Work task: What is the number of lines in these entries that include "Import"? Write that number and no other text.

===== Exercise data

(* Let $p\geq 5$ be an odd integer. For any real number $x\geq 2$, \[ \left(\left(1-\frac{1}{4x}\right)^2+\frac{1}{8x^2}\right)^{-\frac1p-1}\left(1-\frac{1}{4x}\right)+\left(\left(1+\frac{1}{4x}\right)^2+\frac{1}{8x^2}\right)^{-\frac1p-1}\left(1+\frac{1}{4x}\right)<2. \] *)

From Stdlib Require Import Reals Lra Lia.

(* With t = 1/(4x) and a = 1/p, the bases are A = 1 - 2t + 3t^2 and B = 1 + 2t + 3t^2, and
   y^(-a-1) = y^-1 (y^-1)^a. Bernoulli's inequality bounds the p-th root (y^-1)^a by the
   tangent line 1 + a (y^-1 - 1), and after clearing denominators the resulting rational
   bound is 2 minus t^2 times a polynomial with positive coefficients as soon as a <= 1/3. *)
From Stdlib Require Import Reals Arith.
From Stdlib Require Import Lra Lia Psatz.
Open Scope R_scope.

Lemma bernoulli_pow (n : nat) (h : R) : -1 <= h -> 1 + INR n * h <= (1 + h) ^ n.
Proof.
  intro Hh. induction n as [|n IH].
  - simpl. lra.
  - rewrite S_INR. simpl.
    assert (0 <= 1 + h) by lra.
    assert (0 <= INR n) by apply pos_INR.
    nra.
Qed.

Lemma Rpower_inv_nat_le (z : R) (n : nat) : 0 < z ->
  Rpower z (1 / INR n) <= 1 + 1 / INR n * (z - 1).
Proof.
  intro Hz.
  destruct (Nat.eq_0_gt_0_cases n) as [->|Hn].
  { (* [1 / 0 = 0] in Rocq, so both sides are 1. *)
    rewrite Rdiv_0_r, Rpower_O by exact Hz. lra. }
  assert (Hn' : 1 <= INR n) by (apply (le_INR 1); exact Hn).
  set (w := Rpower z (1 / INR n)).
  assert (Hw : 0 < w) by apply exp_pos.
  assert (Hwn : w ^ n = z).
  { rewrite <- Rpower_pow by exact Hw. unfold w. rewrite Rpower_mult.
    replace (1 / INR n * INR n) with 1 by (field; lra).
    exact (Rpower_1 z Hz). }
  pose proof (bernoulli_pow n (w - 1) ltac:(lra)) as B.
  replace (1 + (w - 1)) with w in B by ring. rewrite Hwn in B.
  apply (Rmult_le_reg_r (INR n)); [lra|].
  replace ((1 + 1 / INR n * (z - 1)) * INR n) with (INR n + (z - 1)) by (field; lra).
  nra.
Qed.

Lemma Rpower_opp_sub1 (y a : R) : 0 < y -> Rpower y (- a - 1) = / y * Rpower (/ y) a.
Proof.
  intro Hy. unfold Rpower. rewrite ln_Rinv by exact Hy.
  replace ((- a - 1) * ln y) with (- ln y + a * - ln y) by ring.
  rewrite exp_plus, exp_Ropp, exp_ln by exact Hy. reflexivity.
Qed.

Lemma Rpower_opp_inv_nat_sub1_le (y s : R) (n : nat) : 0 < y -> 0 <= s ->
  Rpower y (- (1 / INR n) - 1) * s <= / y * (1 + 1 / INR n * (/ y - 1)) * s.
Proof.
  intros Hy Hs.
  rewrite Rpower_opp_sub1 by exact Hy.
  apply Rmult_le_compat_r; [exact Hs|].
  apply Rmult_le_compat_l; [left; apply Rinv_0_lt_compat; exact Hy|].
  apply Rpower_inv_nat_le, Rinv_0_lt_compat, Hy.
Qed.

Lemma tangent_bound_lt2 (t a : R) : 0 < t -> 0 <= a <= 1/3 ->
  let A := 1 - 2 * t + 3 * t ^ 2 in let B := 1 + 2 * t + 3 * t ^ 2 in
  / A * (1 + a * (/ A - 1)) * (1 - t) + / B * (1 + a * (/ B - 1)) * (1 + t) < 2.
Proof.
  intros Ht Ha A B.
  assert (HA : 0 < A) by (unfold A; nra).
  assert (HB : 0 < B) by (unfold B; nra).
  assert (HAB : 0 < A * A * (B * B)) by (apply Rmult_lt_0_compat; apply Rmult_lt_0_compat; lra).
  assert (Gap : 2 * (A * A * (B * B))
      - ((1 - t) * (A + a * (1 - A)) * (B * B) + (1 + t) * (B + a * (1 - B)) * (A * A))
      = t ^ 2 * ((2 - 6 * a) + t ^ 2 * (22 + 28 * a) + t ^ 4 * (54 + 18 * a) + 162 * t ^ 6))
    by (unfold A, B; ring).
  assert (0 < t ^ 2) by (apply pow_lt; lra).
  assert (0 <= t ^ 4) by (apply pow_le; lra).
  assert (0 <= t ^ 6) by (apply pow_le; lra).
  assert (0 < (2 - 6 * a) + t ^ 2 * (22 + 28 * a) + t ^ 4 * (54 + 18 * a) + 162 * t ^ 6) by nra.
  replace (/ A * (1 + a * (/ A - 1)) * (1 - t) + / B * (1 + a * (/ B - 1)) * (1 + t))
    with (((1 - t) * (A + a * (1 - A)) * (B * B) + (1 + t) * (B + a * (1 - B)) * (A * A))
          / (A * A * (B * B))) by (field; lra).
  apply Rmult_lt_reg_r with (A * A * (B * B)); [exact HAB|].
  unfold Rdiv. rewrite Rmult_assoc, Rinv_l by lra.
  nra.
Qed.

Theorem lemma4p1 (p : nat) (hp5 : (5 <= p)%nat) (hodd : Nat.Odd p) (x : R) (hx : 2 <= x) :
  Rpower ((1 - 1 / (4 * x)) ^ 2 + 1 / (8 * x ^ 2)) (- (1 / INR p) - 1) * (1 - 1 / (4 * x))
  + Rpower ((1 + 1 / (4 * x)) ^ 2 + 1 / (8 * x ^ 2)) (- (1 / INR p) - 1) * (1 + 1 / (4 * x))
  < 2.
Proof.
  set (t := 1 / (4 * x)).
  assert (Ht : 0 < t <= 1 / 8) by (unfold t; split; [apply Rdiv_lt_0_compat|
    apply Rmult_le_reg_r with (8 * x); [|field_simplify]]; lra).
  assert (Hp : 5 <= INR p) by (apply (le_INR 5) in hp5; simpl in hp5; lra).
  assert (Ha : 0 <= 1 / INR p <= 1 / 3) by (split; [apply Rlt_le, Rdiv_lt_0_compat|
    apply Rmult_le_reg_r with (3 * INR p); [|field_simplify]]; lra).
  replace ((1 - t) ^ 2 + 1 / (8 * x ^ 2)) with (1 - 2 * t + 3 * t ^ 2) by (unfold t; field; lra).
  replace ((1 + t) ^ 2 + 1 / (8 * x ^ 2)) with (1 + 2 * t + 3 * t ^ 2) by (unfold t; field; lra).
  eapply Rle_lt_trans; [apply Rplus_le_compat|exact (tangent_bound_lt2 t (1 / INR p) (proj1 Ht) Ha)].
  all: apply Rpower_opp_inv_nat_sub1_le; [nra|lra].
Qed.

==========

Exercise answer: 3